▶ DATA SHOWN:
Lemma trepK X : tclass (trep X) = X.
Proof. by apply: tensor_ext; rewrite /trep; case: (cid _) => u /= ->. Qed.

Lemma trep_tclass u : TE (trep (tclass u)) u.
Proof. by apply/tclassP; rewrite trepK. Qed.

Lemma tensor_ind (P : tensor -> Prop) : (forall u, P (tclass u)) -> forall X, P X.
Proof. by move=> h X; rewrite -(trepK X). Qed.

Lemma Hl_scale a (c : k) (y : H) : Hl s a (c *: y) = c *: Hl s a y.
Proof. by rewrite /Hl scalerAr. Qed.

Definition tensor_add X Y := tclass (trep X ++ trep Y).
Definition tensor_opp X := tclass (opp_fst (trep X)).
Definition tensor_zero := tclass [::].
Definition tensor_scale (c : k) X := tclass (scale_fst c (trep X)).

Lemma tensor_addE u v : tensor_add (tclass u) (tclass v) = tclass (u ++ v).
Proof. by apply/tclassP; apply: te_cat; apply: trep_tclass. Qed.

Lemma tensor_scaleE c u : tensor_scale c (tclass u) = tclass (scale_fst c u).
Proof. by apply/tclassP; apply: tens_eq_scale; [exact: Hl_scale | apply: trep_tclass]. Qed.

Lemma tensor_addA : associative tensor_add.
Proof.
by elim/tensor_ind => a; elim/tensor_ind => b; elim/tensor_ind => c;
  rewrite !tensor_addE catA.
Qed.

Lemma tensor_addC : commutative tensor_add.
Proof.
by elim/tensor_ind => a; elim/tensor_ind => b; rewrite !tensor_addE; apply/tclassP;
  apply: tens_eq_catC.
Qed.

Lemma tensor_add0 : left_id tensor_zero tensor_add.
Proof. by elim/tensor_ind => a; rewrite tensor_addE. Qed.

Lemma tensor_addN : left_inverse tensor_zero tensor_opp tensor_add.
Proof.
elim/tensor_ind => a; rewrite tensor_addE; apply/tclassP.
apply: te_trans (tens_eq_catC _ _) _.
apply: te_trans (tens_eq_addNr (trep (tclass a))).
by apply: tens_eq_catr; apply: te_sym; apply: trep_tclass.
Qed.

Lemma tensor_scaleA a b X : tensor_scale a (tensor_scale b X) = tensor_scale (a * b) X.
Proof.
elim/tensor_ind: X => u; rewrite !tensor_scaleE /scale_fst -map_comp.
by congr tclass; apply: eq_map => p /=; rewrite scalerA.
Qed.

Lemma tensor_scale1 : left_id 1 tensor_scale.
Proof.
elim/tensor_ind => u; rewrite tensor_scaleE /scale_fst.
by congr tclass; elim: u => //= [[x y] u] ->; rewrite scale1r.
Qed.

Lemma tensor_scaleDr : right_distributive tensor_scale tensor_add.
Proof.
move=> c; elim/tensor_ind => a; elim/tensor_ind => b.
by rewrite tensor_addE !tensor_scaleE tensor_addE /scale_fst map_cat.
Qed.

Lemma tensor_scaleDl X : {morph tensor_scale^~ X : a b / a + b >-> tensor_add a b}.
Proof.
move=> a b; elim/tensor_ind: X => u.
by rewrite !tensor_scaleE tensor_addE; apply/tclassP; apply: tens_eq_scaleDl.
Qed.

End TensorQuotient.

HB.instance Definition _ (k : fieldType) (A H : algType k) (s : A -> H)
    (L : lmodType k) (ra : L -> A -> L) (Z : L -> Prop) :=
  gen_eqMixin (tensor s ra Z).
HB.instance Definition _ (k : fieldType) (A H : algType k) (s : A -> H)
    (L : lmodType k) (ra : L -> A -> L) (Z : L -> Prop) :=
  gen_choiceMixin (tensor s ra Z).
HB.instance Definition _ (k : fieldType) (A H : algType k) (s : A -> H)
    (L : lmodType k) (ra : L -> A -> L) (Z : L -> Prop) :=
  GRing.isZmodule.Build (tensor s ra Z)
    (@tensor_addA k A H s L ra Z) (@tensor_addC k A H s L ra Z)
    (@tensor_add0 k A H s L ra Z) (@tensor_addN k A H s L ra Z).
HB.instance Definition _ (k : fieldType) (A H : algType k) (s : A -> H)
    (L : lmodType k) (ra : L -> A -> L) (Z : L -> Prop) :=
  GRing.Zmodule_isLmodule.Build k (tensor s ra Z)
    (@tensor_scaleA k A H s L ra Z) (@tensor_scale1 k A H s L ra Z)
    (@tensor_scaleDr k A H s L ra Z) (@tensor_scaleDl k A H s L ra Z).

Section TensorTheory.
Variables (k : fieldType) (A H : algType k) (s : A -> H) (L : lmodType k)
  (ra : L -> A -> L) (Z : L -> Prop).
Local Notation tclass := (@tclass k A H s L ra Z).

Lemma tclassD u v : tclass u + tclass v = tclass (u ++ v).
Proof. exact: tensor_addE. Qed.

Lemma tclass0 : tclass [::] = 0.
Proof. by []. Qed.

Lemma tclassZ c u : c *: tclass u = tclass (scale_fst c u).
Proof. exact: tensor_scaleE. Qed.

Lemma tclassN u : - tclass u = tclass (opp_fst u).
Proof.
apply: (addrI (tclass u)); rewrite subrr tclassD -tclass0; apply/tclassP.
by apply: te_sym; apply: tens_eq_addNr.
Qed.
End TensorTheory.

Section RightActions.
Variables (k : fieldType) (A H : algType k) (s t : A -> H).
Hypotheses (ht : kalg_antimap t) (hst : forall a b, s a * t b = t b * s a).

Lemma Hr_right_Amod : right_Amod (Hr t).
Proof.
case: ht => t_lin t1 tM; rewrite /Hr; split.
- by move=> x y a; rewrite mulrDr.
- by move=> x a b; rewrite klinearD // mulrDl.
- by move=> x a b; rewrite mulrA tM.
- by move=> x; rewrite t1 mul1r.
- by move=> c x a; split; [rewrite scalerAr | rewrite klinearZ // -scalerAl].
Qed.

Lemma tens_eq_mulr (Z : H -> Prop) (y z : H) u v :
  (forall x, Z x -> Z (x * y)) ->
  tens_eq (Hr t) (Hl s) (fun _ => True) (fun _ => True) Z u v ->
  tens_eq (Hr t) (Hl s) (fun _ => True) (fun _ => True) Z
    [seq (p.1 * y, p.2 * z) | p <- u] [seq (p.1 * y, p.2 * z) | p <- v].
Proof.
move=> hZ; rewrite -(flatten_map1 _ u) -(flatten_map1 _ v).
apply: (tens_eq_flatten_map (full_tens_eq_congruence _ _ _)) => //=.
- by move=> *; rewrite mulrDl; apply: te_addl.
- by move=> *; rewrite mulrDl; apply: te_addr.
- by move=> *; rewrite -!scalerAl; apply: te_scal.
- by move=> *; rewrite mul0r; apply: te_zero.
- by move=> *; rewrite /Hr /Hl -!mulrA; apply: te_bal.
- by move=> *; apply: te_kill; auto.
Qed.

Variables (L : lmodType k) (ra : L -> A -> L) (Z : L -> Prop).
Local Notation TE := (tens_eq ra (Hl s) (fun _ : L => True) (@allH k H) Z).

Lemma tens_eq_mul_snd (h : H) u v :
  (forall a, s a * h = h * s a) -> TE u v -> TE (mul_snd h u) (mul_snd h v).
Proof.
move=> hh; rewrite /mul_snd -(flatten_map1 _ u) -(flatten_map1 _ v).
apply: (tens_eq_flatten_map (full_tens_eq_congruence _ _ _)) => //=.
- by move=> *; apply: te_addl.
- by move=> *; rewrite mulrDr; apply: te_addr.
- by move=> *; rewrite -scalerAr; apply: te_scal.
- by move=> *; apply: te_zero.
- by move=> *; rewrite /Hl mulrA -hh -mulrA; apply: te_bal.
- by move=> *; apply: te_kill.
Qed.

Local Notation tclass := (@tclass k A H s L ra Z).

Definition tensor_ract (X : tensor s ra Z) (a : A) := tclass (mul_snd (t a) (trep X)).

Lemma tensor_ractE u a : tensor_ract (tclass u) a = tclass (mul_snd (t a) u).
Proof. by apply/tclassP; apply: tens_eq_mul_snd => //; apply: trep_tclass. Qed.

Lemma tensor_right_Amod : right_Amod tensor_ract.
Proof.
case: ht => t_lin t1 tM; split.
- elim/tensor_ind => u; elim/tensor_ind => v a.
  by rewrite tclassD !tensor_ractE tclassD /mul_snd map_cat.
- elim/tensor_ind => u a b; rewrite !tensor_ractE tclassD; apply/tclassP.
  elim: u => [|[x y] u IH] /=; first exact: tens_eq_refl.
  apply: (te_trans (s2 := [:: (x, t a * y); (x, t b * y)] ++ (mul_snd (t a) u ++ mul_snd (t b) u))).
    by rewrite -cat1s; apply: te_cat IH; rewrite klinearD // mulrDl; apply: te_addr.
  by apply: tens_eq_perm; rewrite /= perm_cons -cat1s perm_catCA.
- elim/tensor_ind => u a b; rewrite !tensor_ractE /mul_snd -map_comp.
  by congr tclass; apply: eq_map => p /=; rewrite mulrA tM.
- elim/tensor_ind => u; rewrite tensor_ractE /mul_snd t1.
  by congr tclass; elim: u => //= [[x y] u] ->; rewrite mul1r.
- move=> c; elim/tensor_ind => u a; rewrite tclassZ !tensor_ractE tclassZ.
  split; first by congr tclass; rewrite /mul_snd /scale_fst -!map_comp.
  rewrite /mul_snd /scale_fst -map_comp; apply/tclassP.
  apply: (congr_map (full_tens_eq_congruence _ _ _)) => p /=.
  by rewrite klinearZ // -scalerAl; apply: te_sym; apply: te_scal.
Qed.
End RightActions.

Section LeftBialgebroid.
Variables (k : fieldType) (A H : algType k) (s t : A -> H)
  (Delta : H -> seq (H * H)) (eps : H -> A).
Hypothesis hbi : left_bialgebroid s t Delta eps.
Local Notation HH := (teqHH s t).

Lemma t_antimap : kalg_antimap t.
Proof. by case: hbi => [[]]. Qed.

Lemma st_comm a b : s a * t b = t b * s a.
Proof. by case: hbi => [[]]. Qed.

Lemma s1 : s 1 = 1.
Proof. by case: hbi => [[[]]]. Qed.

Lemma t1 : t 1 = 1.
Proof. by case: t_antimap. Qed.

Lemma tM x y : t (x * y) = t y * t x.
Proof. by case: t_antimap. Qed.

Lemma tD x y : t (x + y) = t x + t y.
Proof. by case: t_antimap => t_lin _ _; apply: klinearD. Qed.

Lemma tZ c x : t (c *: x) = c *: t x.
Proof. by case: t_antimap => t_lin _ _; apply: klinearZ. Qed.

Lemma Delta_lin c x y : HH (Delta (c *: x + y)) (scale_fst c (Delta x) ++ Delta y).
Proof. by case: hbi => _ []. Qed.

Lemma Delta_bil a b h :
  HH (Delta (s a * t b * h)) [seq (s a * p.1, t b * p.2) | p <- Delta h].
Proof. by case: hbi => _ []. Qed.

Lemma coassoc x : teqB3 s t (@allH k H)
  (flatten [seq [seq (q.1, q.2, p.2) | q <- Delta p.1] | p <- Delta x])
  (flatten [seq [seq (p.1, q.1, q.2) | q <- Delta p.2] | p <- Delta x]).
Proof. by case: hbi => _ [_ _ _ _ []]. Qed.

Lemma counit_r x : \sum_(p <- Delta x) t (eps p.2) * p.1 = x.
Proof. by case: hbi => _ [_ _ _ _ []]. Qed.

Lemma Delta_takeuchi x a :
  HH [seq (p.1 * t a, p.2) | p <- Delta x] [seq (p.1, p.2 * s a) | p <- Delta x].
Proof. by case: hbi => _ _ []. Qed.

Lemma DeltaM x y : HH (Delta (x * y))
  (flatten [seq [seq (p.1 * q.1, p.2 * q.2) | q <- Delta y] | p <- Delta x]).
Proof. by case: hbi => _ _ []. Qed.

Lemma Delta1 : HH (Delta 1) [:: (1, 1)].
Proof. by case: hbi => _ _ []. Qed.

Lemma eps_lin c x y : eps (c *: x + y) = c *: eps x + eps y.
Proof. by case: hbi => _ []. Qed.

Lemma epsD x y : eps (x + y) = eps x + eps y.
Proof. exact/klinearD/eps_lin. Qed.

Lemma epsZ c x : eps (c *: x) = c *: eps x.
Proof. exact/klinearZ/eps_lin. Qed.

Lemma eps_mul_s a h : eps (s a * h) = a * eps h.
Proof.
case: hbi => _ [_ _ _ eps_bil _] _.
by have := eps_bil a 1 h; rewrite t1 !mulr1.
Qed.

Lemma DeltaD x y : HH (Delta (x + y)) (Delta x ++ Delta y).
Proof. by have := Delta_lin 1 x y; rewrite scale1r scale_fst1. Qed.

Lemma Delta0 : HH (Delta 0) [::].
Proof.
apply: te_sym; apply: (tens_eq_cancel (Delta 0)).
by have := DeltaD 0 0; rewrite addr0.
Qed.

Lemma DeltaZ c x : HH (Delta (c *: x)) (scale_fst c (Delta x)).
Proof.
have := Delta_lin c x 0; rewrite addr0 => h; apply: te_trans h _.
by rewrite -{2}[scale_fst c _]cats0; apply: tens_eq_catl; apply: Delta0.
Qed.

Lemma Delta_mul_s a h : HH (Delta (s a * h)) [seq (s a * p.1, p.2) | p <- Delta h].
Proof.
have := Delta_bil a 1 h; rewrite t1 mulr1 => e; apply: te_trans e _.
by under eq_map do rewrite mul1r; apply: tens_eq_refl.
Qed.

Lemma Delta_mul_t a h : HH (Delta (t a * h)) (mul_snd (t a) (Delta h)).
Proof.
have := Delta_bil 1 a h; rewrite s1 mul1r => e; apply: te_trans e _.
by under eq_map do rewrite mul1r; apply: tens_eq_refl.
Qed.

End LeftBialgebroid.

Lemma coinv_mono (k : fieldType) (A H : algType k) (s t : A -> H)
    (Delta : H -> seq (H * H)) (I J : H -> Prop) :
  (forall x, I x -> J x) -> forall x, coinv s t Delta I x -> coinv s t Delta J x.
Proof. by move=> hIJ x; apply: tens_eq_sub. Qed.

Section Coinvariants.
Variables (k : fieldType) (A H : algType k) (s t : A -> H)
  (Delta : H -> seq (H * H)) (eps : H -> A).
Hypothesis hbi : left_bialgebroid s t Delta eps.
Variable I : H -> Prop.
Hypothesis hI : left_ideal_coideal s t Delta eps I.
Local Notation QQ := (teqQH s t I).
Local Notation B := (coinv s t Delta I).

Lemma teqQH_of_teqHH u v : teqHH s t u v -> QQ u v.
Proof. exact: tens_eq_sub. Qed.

▶ WHAT TO PRODUCE: Apply a filter to the listing above so that only lines with "klinearD" are kept, and copy those lines.

▶ ANSWER BOX:
- by move=> x a b; rewrite klinearD // mulrDl.
    by rewrite -cat1s; apply: te_cat IH; rewrite klinearD // mulrDl; apply: te_addr.
Proof. by case: t_antimap => t_lin _ _; apply: klinearD. Qed.
Proof. exact/klinearD/eps_lin. Qed.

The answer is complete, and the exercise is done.